Kaunas Eighth Fort (VIII Kauno fortas), also known as Linkuva, is a former military fort in Šilainiai elderate, Kaunas, Lithuania. Built in 1889–1890, it is part of Kaunas Fortress, which was constructed by the Russian Empire. The Eighth Fort was the first element of Kaunas Fortress to use concrete. The structure is currently abandoned and semi-flooded. The slopes of the fort have been used since the interwar period as a community garden.

== History ==
The construction of the Eighth Fort began in 1889, after the first seven forts of Kaunas Fortress had already been designed and constructed. The earlier forts did not form a fully enclosed defensive ring around the city of Kaunas, and so the Eighth Fort was built to protect against attacks from the northwest.

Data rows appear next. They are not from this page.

(* Fix $d,m\geq1$ and smooth vector fields $f^0,\dots,f^m$ on $\mathbb{R}^d$. Let $\pi_d$ be an exotic forest. Then \[ F^{\mathrm{exo}}(\pi_d)=\sum_{d_0} F^{\mathrm{dec}}(\pi_{d_0}), \] where the sum runs over the equivalence classes of decorations $d_0$ of the underlying graph $\pi$ with $d\leq d_0$. Extending $F^{\mathrm{exo}}$ to all decorated forests by this same formula, the following Möbius inversion formula holds for every decorated forest $\pi_d$: \[ F^{\mathrm{dec}}(\pi_d)=\sum_{d\leq d_0}\mu(\pi_d,\pi_{d_0})F^{\mathrm{exo}}(\pi_{d_0}), \] where $\mu(\pi_{d_1},\pi_{d_1})=1$ and, for $d_1<d_2$, $\mu(\pi_{d_1},\pi_{d_2})=-\sum_{d_1\leq d<d_2}\mu(\pi_{d_1},\pi_d)$.
   Context: A forest $\pi=(V,E)$ is a finite set $V$ of nodes with directed edges $E\subset V\times V$ (an edge $(v,w)$ makes $v$ a predecessor of $w$) such that each node has at most one outgoing edge and each connected component has exactly one node without outgoing edge (its root). A decoration is a map $d:V\to\mathbb{N}=\{0,1,2,\dots\}$ with $|d^{-1}(n)|$ even for all $n>0$. For decorations $d_1,d_2$ of the same graph, $d_2\leq d_1$ ($d_2$ finer than $d_1$) if there is $\alpha:\mathbb{N}\to\mathbb{N}$ with $\alpha(n)=0$ iff $n=0$ and $d_1=\alpha\circ d_2$; $d_1,d_2$ are equivalent if $d_1\leq d_2$ and $d_2\leq d_1$; $d_1<d_2$ means $d_1\leq d_2$ and not equivalent. Decorated forests are equivalence classes of decorated graphs under node bijections preserving edges and sending the decoration to an equivalent one; exotic forests are those with $|d^{-1}(n)|\in\{0,2\}$ for all $n>0$. For a decorated forest $\pi_d$ with roots $R$ and predecessor sets $\Pi(v)$, acting on smooth $\phi$: $F^{\mathrm{dec}}(\pi_d)[\phi](x)=\sum_{i_w\in\{1..d\},w\in V}\ \sum \phi_{I_R}(x)\prod_{v\in V}f^{p_{d(v)},i_v}_{I_{\Pi(v)}}(x)$, the inner sum over $p_n\in\{1,\dots,m\}$ for $n\in d(V)\setminus\{0\}$, pairwise distinct, with $p_0=0$; $F^{\mathrm{exo}}$ is defined by the same formula without the distinctness restriction. Here $f^{p,i}_{j_1\dots j_k}=\partial^k f^{p,i}/\partial x_{j_1}\cdots\partial x_{j_k}$, $\phi_{I_S}$ is the partial derivative of $\phi$ in the indices $i_w$, $w\in S$, and $F(\mathbf{1})[\phi]=\phi$ for the empty forest. *)

From HB Require Import structures.
From mathcomp Require Import all_boot all_order all_algebra.
From mathcomp Require Import all_classical all_reals all_analysis.
Set Implicit Arguments. Unset Strict Implicit. Unset Printing Implicit Defensive.
Import Order.TTheory GRing.Theory Num.Theory.
Import numFieldNormedType.Exports.
Local Open Scope ring_scope.
Lemma phi1_lower m t : (1 <= m)%nat -> 0 < t <= 1 -> - r 1%nat <= phi 1 m t.
Proof.
  intros Hm. revert t. induction Hm as [|m Hm IH]; intros t Ht.
  - rewrite phi1_one. pose proof (r_pos 1%nat (le_n 1)).
    assert (Rpower t (r 1%nat) <= 1)
      by (rewrite <- (Rpower_1_base (r 1%nat)); apply Rle_Rpower_l; lra).
    nra.
  - destruct m as [|m]; [lia|].
    set (R := r (S (S m))). assert (HR : 0 < R) by (apply r_pos; lia).
    enough (H : - phi 1 (S (S m)) t - r 1%nat <= 0) by lra.
    apply (euler_comparison (fun s => - phi 1 (S (S m)) s - r 1%nat)
             (fun s => - phi 2 (S (S m)) s) R t 1); [exact HR | lra | | |].
    + intros s Hs. apply (derivable_pt_lim_eq _ _ (- (phi 2 (S (S m)) s / s) - 0)).
      * apply (derivable_pt_lim_minus (fun s => - phi 1 (S (S m)) s) (fct_cte _)).
        -- apply derivable_pt_lim_opp, phi_euler_deriv. lra.
        -- apply derivable_pt_lim_const.
      * field. lra.
    + intros s Hs. pose proof (phi_recurrence 1 (S m) s). specialize (IH s ltac:(lra)).
      fold R in H. replace (- phi 2 (S (S m)) s / R) with (- (phi 2 (S (S m)) s / R))
        by (field; lra). lra.
    + rewrite phi1_at_1. pose proof (r_pos 1%nat (le_n 1)). lra.
Qed.

(* phi_m is nonincreasing on ]0, 1] since theta phi_m <= 0 ... *)
Lemma phi0_nonincreasing m t1 t2 : 0 < t1 <= t2 -> t2 <= 1 -> phi 0 m t2 <= phi 0 m t1.
Proof.
  intros Ht Ht2. destruct m as [|m]; [rewrite !phi0_zero; lra|].
  apply (nonincreasing_of_deriv _ (fun s => phi 1 (S m) s / s)); [lra | |].
  - intros s Hs. apply phi_euler_deriv. lra.
  - intros s Hs. pose proof (phi1_nonpos (S m) s ltac:(lia) ltac:(lra)).
    unfold Rdiv. assert (0 < / s) by (apply Rinv_0_lt_compat; lra). nra.
Qed.

(* ... hence nonnegative there, as phi_m(1) = 0 for m >= 1. *)
Lemma phi0_nonneg m t : 0 < t <= 1 -> 0 <= phi 0 m t.
Proof.
  intro Ht. destruct m as [|m]; [rewrite phi0_zero; lra|].
  rewrite <- (phi0_at_1 m). apply phi0_nonincreasing; lra.
Qed.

Although the earlier forts were constructed in red brick, the Eighth Fort is made from concrete and covered in soil. It was also the first fort of Kaunas Fortress to be equipped with electricity, which was provided via an oil-powered generator. However the fort was compromised by its position, which was not the highest point in the area, and so it was superseded four years later by the Ninth Fort. For this reason, the Eighth Fort was used only as barracks and later an armoury.

During World War I, the fort's crew detonated the ammunition remaining in storage before retreating. The blast severely damaged the fort and its drainage system, resulting in the flooding of much of the structure.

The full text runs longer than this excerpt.